→ Records supplied
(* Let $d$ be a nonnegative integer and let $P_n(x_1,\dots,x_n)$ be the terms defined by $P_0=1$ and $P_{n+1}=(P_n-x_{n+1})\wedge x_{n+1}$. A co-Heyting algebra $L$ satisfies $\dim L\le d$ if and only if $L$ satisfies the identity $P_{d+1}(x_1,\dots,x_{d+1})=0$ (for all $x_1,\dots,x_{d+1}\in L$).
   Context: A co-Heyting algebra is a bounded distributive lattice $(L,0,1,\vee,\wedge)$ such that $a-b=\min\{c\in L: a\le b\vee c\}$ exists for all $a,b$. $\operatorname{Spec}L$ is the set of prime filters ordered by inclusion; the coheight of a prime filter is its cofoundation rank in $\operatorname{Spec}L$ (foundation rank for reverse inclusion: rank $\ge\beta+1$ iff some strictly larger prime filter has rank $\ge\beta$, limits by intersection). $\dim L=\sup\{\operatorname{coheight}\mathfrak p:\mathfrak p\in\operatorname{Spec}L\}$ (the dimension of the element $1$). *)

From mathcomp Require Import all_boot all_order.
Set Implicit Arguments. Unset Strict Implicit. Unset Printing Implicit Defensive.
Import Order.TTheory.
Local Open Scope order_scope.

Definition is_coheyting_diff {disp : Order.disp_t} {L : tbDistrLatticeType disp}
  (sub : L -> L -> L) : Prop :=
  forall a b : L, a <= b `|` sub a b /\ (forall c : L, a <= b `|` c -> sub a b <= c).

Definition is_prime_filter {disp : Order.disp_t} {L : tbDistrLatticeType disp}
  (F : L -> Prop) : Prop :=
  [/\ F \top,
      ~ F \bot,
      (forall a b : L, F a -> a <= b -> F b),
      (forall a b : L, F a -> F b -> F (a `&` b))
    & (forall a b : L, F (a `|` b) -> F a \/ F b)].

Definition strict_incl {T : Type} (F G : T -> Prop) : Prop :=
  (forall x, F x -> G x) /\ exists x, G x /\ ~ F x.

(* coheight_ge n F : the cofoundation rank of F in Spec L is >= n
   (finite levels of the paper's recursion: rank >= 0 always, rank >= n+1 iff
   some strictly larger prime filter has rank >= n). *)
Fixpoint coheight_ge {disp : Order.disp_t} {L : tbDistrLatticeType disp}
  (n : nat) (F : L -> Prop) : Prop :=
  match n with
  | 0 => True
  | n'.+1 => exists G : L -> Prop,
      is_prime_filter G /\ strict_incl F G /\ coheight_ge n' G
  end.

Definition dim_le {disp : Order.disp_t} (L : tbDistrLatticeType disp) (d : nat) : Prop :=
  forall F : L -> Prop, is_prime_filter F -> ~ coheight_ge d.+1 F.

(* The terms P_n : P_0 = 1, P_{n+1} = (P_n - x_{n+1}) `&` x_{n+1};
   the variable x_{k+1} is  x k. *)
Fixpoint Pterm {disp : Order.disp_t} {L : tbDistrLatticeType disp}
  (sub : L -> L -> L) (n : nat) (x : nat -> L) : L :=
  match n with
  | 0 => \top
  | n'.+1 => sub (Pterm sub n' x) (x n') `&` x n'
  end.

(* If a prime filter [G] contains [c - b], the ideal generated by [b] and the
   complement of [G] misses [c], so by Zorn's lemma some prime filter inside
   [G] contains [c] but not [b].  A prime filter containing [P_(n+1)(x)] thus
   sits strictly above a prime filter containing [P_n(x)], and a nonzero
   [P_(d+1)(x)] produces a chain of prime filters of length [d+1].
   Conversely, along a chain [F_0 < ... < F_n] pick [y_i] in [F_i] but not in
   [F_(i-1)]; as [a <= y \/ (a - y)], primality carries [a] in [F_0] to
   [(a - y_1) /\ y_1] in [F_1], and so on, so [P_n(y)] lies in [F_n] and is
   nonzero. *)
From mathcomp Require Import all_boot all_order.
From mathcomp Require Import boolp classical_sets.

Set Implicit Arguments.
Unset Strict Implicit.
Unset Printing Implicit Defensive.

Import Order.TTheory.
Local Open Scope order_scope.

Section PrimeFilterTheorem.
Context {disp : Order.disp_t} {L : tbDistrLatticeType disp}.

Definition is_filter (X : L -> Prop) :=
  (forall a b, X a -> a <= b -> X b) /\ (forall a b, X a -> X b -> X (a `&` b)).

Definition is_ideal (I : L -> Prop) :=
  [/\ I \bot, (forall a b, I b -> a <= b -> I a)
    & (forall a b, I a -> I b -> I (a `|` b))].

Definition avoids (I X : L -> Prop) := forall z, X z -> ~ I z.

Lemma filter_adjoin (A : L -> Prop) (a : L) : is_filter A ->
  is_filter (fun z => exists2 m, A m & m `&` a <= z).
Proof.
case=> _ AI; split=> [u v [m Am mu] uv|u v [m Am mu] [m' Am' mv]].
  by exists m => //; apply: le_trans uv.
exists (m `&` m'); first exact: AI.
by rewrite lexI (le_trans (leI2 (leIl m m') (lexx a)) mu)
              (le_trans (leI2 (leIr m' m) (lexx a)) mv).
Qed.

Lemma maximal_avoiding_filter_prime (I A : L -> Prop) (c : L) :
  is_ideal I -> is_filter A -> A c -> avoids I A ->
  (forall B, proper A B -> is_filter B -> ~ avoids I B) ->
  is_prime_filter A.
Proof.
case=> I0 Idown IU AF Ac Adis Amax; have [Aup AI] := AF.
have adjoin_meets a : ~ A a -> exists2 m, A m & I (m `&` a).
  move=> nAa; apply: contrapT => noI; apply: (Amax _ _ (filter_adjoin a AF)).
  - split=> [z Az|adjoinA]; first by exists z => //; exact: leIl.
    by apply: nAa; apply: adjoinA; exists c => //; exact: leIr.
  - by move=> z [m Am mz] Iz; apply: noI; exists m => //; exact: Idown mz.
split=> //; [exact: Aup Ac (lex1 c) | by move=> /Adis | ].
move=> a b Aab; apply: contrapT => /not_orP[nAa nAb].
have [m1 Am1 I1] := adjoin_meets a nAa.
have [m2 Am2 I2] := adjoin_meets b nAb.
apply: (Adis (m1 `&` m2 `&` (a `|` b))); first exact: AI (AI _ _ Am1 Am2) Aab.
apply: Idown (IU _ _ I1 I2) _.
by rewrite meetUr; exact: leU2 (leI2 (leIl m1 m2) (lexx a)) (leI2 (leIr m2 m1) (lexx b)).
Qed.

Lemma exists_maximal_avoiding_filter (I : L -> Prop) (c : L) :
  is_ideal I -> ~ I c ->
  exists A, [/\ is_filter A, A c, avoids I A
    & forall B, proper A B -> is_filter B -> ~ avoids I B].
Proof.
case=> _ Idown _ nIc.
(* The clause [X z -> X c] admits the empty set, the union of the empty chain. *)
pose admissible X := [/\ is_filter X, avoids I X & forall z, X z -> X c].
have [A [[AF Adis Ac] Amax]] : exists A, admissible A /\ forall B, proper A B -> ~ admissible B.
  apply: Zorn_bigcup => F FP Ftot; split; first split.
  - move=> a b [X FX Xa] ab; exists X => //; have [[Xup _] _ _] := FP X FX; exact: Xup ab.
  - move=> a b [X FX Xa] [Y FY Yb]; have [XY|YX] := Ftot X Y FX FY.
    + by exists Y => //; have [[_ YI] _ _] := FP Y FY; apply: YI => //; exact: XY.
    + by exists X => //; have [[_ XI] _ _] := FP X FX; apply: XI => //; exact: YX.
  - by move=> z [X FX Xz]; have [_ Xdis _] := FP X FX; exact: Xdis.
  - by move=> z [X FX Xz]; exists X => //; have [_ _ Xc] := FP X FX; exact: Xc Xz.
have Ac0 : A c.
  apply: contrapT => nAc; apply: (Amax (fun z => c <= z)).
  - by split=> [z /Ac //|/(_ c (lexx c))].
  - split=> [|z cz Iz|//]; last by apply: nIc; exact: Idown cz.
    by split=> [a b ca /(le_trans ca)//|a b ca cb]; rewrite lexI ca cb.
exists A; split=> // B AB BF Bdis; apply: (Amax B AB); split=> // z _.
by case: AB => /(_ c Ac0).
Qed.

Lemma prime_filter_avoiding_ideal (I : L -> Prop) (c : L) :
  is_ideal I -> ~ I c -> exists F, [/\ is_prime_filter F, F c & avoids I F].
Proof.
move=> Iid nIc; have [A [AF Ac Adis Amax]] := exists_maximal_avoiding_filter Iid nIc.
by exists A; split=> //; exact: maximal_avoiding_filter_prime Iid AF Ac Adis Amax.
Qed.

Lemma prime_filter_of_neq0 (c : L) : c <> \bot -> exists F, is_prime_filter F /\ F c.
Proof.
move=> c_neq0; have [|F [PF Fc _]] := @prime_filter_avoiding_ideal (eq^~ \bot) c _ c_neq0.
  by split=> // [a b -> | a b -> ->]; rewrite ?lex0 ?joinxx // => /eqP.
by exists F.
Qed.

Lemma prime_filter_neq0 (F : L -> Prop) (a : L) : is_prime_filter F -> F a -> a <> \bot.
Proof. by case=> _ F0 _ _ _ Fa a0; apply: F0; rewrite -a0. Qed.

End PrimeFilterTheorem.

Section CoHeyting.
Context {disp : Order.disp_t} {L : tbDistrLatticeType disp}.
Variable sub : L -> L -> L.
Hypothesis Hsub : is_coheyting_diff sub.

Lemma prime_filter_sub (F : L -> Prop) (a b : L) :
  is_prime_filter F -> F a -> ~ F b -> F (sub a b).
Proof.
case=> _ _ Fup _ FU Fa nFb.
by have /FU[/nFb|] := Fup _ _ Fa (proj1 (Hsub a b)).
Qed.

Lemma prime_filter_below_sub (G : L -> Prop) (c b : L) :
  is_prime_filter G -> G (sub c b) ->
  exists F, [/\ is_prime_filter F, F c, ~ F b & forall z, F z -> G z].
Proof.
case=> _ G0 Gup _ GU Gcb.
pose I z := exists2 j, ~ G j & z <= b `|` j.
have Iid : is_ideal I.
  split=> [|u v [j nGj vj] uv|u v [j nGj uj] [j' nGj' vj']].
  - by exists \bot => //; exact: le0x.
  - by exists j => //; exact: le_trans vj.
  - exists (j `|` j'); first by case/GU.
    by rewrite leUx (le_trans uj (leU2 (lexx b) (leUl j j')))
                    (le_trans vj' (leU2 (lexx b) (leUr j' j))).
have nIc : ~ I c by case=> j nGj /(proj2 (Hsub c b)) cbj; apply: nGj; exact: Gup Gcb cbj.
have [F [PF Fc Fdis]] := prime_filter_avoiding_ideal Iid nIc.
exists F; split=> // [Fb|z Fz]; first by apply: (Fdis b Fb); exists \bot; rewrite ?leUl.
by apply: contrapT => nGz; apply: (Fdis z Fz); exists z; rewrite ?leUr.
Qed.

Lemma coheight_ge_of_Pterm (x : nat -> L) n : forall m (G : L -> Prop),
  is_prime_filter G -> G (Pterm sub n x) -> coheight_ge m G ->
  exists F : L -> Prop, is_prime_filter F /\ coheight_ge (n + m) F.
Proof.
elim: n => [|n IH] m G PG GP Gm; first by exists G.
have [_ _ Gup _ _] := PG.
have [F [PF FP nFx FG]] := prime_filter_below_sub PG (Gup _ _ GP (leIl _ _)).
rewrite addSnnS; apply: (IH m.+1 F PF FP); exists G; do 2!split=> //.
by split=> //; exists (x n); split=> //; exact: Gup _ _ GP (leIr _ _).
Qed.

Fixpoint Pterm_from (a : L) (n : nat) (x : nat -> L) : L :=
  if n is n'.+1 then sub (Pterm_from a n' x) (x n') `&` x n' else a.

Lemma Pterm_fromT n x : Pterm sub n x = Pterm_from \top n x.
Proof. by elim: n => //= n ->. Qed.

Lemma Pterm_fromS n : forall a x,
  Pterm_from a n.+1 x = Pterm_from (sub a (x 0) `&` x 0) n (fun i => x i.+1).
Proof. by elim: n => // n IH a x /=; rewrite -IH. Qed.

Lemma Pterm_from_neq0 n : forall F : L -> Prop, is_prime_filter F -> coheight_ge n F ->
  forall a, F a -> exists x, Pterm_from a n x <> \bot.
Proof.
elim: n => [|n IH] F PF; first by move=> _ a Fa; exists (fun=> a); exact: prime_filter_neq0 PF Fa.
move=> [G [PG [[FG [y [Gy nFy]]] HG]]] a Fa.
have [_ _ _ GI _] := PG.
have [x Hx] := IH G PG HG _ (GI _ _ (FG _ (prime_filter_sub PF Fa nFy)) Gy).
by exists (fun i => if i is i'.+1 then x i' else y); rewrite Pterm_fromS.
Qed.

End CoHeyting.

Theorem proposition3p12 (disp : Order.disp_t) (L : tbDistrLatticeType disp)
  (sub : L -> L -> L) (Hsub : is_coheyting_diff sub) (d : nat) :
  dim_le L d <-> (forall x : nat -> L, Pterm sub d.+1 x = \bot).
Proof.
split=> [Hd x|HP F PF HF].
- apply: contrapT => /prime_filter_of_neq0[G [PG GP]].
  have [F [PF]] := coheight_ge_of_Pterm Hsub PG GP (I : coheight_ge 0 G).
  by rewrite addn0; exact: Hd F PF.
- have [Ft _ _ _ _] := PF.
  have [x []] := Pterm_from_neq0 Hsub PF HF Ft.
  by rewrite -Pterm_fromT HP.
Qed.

---

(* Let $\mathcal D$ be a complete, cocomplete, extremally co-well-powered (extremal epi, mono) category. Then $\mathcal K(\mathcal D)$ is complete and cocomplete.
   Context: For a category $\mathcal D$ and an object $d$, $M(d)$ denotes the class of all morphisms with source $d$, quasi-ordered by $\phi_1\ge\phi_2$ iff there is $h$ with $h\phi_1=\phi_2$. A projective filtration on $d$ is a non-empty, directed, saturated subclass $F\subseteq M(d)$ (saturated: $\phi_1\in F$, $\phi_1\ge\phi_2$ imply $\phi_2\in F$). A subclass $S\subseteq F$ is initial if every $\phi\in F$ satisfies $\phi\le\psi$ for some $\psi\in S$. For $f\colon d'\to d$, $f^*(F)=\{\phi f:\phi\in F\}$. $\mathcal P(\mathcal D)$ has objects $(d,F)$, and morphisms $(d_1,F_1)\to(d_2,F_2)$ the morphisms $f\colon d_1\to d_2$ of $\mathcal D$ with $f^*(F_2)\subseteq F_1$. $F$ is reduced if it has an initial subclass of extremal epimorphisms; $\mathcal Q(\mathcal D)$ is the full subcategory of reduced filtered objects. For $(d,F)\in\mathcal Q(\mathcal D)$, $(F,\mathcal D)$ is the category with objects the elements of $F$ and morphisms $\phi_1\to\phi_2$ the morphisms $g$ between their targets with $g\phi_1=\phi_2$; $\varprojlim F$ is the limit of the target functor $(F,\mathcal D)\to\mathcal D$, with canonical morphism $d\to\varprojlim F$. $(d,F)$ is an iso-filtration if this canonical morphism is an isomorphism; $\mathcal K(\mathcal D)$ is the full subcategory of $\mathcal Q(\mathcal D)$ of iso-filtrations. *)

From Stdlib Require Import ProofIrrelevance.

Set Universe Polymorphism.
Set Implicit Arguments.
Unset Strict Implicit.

---

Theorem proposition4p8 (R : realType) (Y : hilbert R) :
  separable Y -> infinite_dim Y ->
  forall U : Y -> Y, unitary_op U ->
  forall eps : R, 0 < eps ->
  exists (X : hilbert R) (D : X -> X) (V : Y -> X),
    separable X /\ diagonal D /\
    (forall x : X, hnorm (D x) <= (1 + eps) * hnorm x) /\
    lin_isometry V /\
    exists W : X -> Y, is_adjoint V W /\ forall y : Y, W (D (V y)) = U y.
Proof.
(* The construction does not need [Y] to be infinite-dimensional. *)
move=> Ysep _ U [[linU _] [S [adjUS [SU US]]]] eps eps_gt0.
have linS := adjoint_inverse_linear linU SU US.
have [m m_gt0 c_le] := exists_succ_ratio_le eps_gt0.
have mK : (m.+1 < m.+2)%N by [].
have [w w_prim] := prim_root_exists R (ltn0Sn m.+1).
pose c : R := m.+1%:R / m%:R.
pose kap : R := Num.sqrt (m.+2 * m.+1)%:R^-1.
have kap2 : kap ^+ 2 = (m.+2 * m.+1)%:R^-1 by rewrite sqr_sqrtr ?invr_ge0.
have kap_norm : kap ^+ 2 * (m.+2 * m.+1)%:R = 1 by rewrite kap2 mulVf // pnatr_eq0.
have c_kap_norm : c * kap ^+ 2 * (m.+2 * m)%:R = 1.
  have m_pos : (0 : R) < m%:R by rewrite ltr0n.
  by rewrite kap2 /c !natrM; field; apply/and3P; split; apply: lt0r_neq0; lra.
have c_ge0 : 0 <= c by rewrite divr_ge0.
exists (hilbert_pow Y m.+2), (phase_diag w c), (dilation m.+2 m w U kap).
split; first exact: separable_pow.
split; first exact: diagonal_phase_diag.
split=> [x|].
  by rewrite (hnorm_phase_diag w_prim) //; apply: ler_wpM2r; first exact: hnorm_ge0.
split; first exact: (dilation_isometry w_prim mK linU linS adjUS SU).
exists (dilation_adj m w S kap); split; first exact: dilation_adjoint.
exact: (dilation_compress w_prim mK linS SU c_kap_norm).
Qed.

→ Problem description
Could you find every line in the records above that has the string "Definition" and copy it?

→ Completed exercise
Definition is_coheyting_diff {disp : Order.disp_t} {L : tbDistrLatticeType disp}
Definition is_prime_filter {disp : Order.disp_t} {L : tbDistrLatticeType disp}
Definition strict_incl {T : Type} (F G : T -> Prop) : Prop :=
Definition dim_le {disp : Order.disp_t} (L : tbDistrLatticeType disp) (d : nat) : Prop :=
Definition is_filter (X : L -> Prop) :=
Definition is_ideal (I : L -> Prop) :=
Definition avoids (I X : L -> Prop) := forall z, X z -> ~ I z.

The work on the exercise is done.